I am able to use unsigned drivers on my 64bit vista install

After removing the UAC it just asks for confirmation that I want to do it


----------



## flashstar (Jan 17, 2008)

32bit Server 2003 can address up to 64 gb in many cases. Server 2003 is actually a 36 bit os though and that is why it can support more than 3 gb. It's still compatible with most software though.


----------



## asb2106 (Jan 17, 2008)

flashstar said:


> 32bit Server 2003 can address up to 64 gb in many cases. Server 2003 is actually a 36 bit os though and that is why it can support more than 3 gb. It's still compatible with most software though.



it must have some sort of 64 bit extension then, because all x86 32bit architecture can only support ~3.5gigs.  Its the math behind it, thats the max cap


----------



## devguy (Jan 17, 2008)

In this day and age, I have personally found XP x86 to be too vulnerable and unstable.  The kernel from Windows 2003 is really the highlight of the work from Microsoft.

Here's the deal, 2003 kernel > 2000 kernel (that XP x86 uses).  XP x64 SP2 and Vista x64 are both built off that same exact kernel (XP x64 SP2 in fact = 2003 x64 SP2 + XP look and features).  A huge difference is Microsoft decided to add a ton of useless crap to the Vista version as well as enhanced DRM protection and a driver signing issue (possible to get around some of these, but a total pain in the butt).

I've used them all.  XP x64 is by and large the best: fast, stable, 64bit support for stuff like Crysis/FarCry and soon PCSx2, and post SP2 it has great driver support.


----------



## Solaris17 (Jan 17, 2008)

just to add something i own 64bit xp and it runs everything absolutely flawlessely and faster onything that hans tever worked were wireless drivers for 2 of my net adapters....and i own 4gb of ocz currently running and xp only see's 3gb.....of course thats because i do bealive it reserves a gig for IO still....xp64 is amazing and if you have 4gigs xp32 will only be able to see 3 so ya...and i run sp3...so no miss comunication their.


----------



## Deleted member 3 (Jan 17, 2008)

flashstar said:


> 32bit Server 2003 can address up to 64 gb in many cases. Server 2003 is actually a 36 bit os though and that is why it can support more than 3 gb. It's still compatible with most software though.



No, it's called PAE, has been in existence since the Pentium Pro.
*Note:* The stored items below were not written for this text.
Theorem proposition1 (R : realType) (X : finType) (n : nat)
  (pX : X -> R) (pX_pos : forall x, 0 < pX x) (pX_sum : \sum_(x : X) pX x = 1)
  (rho : X -> 'M[R[i]]_n) (rho_density : forall x, density (rho x))
  (pi : X -> R) (pi_ge0 : forall x, 0 <= pi x) (pi_sum : \sum_(x : X) pi x = 1) :
  (Qleak rho <=
     \big[maxe/-oo]_(x : X) Dmax (rho x) (\sum_(x' : X) ((pi x')%:C)%C *: rho x'))%E.
Proof.
set sig := \sum_(x' : X) ((pi x')%:C)%C *: rho x'.
have sig_psd : psd sig := psd_sum pi_ge0 (fun x => (rho_density x).1).
have tr_sig : \tr sig = 1.
  rewrite linear_sum (eq_bigr (fun x => (pi x)%:C%C)) => [|x _].
    by rewrite -rmorph_sum pi_sum.
  by rewrite linearZ /= (rho_density x).2 mulr1.
have [x1 _] : exists x1 : X, true.
  case: (pickP (fun _ : X => true)) => [x1|X0]; first by exists x1.
  by move: pi_sum; rewrite big_pred0 // => /esym/eqP; rewrite oner_eq0.
case: (boolP [forall x, supp_sub (rho x) sig]) => [/forallP supp|]; last first.
  rewrite negb_forall => /existsP[x supp_x]; apply: le_trans (leey _) _.
  by apply: le_trans (le_bigmax _ _ x); rewrite /Dmax (negbTE supp_x).
set m := fun x => inf (dominating_consts (rho x) sig).
have dom_ne x : (dominating_consts (rho x) sig !=set0)%classic.
  by have [mu] := psd_dominated (rho_density x).1 sig_psd (supp x); exists mu.
have m_ge1 x : 1 <= m x by apply: inf_dominating_consts_ge1 (rho_density x).2 tr_sig _.
have [x0 _ x0_max] := @arg_maxP _ R X x1 xpredT m isT.
apply: ge_ereal_sup => _ [Y [F [povmF ->]]].
apply: le_trans (le_bigmax _ _ x0); rewrite /Dmax supp lee_fin.
apply: ler_log2; first exact: lt_le_trans ltr01 (leak_sum_ge1 (rho_density x1).2 povmF).
rewrite -/(dominating_consts _ _) -/(m x0).
apply: (leak_sum_le povmF sig_psd tr_sig) => [|x G G_psd].
  exact: le_trans ler01 (m_ge1 x0).
apply: le_trans (Re_tr_le_inf_dominating sig_psd (dom_ne x) G_psd) _.
by apply: ler_wpM2r; [exact: Re_tr_mul_ge0 | exact: x0_max].
Qed.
It is mainly for servers to allow huge amounts of memory. It's a slow workaround though and doesn't allow single programs to address more memory. The best solution to utilize 4+GB is going 64 bit.


----------



## ArtBlakey (Jun 11, 2008)

Hey there guys. I'm planing on moving to XP x64 platform because of the +4GB ram problem which I face on XP 32bit version. I've downloaded all the drivers, but a friend of mine told me about somekinda software problem regarding x64. Here, on this post I hear otherwise. So let me get it straight. Can I install Nero,  corel draw, xp codec pack or utorrent which I used on XP32 on my fresh instalation of x64 XP?

Thanks a bunch guys


----------